*The task:* Search the records for the word "move" and copy each line in which it appears.

[Opening Listed records section]

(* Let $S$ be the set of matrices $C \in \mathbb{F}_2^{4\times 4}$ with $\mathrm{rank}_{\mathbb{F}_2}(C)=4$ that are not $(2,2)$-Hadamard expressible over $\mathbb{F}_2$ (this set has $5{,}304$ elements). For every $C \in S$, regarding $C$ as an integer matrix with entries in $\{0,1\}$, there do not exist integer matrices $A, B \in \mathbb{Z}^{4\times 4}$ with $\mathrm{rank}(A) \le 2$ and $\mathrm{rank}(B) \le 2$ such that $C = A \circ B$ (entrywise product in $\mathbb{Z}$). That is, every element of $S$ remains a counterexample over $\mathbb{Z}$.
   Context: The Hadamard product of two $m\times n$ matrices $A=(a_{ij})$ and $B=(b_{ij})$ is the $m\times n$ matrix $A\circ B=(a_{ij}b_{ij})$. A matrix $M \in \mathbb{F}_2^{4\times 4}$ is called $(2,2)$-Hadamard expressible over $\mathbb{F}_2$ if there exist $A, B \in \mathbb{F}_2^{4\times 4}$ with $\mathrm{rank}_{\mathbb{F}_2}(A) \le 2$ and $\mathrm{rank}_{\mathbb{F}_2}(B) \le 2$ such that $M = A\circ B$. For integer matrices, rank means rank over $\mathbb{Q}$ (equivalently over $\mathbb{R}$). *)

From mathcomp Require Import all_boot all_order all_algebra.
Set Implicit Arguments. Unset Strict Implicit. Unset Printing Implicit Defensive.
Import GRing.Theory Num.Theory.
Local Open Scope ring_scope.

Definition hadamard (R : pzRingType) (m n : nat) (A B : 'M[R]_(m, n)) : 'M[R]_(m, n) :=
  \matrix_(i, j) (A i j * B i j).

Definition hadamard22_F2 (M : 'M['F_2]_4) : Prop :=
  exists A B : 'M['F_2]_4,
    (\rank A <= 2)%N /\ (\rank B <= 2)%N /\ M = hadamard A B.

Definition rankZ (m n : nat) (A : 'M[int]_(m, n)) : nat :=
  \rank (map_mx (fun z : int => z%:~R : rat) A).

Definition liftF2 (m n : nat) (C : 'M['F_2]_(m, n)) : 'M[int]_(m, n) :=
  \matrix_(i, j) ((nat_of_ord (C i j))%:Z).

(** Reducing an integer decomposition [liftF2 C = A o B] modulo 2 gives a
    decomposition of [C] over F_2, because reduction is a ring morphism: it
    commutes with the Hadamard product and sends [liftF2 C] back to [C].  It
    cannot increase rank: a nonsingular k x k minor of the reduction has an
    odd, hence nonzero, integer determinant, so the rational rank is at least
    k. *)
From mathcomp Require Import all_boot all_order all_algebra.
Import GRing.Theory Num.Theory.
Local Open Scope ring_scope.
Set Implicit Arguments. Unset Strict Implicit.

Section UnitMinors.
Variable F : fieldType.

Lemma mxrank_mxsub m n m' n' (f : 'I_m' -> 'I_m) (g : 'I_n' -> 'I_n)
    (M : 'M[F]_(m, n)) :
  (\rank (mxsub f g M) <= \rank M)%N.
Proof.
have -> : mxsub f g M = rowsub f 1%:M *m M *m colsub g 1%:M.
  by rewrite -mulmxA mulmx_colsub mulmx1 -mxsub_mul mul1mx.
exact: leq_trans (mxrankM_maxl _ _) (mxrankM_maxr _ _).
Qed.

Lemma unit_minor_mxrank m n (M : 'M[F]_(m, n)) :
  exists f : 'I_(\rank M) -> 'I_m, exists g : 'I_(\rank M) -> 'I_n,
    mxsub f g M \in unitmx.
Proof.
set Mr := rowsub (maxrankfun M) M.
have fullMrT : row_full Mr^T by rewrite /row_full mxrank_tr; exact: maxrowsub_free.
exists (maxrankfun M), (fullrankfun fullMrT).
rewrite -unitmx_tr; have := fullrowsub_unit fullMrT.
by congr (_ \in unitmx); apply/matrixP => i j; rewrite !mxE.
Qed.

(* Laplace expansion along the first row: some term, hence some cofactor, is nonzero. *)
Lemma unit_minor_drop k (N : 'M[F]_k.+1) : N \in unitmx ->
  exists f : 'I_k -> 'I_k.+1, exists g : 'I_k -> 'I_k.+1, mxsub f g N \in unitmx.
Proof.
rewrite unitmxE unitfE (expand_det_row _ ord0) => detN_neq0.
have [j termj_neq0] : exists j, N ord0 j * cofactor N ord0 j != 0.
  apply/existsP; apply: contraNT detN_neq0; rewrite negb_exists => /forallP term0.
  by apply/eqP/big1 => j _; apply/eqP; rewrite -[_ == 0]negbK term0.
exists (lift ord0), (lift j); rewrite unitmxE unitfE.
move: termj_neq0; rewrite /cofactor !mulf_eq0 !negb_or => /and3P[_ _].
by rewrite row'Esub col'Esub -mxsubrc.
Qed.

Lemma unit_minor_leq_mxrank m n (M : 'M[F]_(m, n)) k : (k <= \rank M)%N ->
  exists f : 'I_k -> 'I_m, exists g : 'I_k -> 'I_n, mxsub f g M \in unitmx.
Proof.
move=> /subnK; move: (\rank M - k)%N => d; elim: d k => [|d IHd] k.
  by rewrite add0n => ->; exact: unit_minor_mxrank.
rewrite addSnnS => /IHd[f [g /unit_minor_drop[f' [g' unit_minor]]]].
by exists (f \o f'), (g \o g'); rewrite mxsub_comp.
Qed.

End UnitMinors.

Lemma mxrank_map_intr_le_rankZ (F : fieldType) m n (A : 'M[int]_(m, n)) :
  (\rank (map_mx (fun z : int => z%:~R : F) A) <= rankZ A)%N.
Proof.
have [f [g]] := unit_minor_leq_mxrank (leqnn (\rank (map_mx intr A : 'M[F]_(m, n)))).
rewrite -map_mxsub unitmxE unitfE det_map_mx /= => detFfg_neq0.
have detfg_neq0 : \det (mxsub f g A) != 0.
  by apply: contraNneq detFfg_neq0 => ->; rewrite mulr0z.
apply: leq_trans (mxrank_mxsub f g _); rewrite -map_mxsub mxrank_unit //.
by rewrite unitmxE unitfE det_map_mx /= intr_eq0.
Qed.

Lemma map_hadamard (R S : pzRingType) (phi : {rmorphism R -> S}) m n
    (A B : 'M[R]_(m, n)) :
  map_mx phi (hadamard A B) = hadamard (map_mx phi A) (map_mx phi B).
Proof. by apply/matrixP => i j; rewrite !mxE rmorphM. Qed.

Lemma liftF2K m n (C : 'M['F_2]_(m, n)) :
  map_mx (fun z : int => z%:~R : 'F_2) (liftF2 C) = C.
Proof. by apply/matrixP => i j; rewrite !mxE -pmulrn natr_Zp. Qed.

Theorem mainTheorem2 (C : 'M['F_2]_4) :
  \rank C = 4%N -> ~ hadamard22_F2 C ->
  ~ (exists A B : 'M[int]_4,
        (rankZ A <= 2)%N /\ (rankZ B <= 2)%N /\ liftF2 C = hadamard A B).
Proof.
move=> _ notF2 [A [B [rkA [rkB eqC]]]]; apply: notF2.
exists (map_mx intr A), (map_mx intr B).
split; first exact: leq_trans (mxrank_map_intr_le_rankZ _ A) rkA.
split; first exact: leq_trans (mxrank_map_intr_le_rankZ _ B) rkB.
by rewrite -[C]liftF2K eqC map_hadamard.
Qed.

[Closing Listed records section]

*Answer section:*
move: termj_neq0; rewrite /cofactor !mulf_eq0 !negb_or => /and3P[_ _].
move=> /subnK; move: (\rank M - k)%N => d; elim: d k => [|d IHd] k.
move=> _ notF2 [A [B [rkA [rkB eqC]]]]; apply: notF2.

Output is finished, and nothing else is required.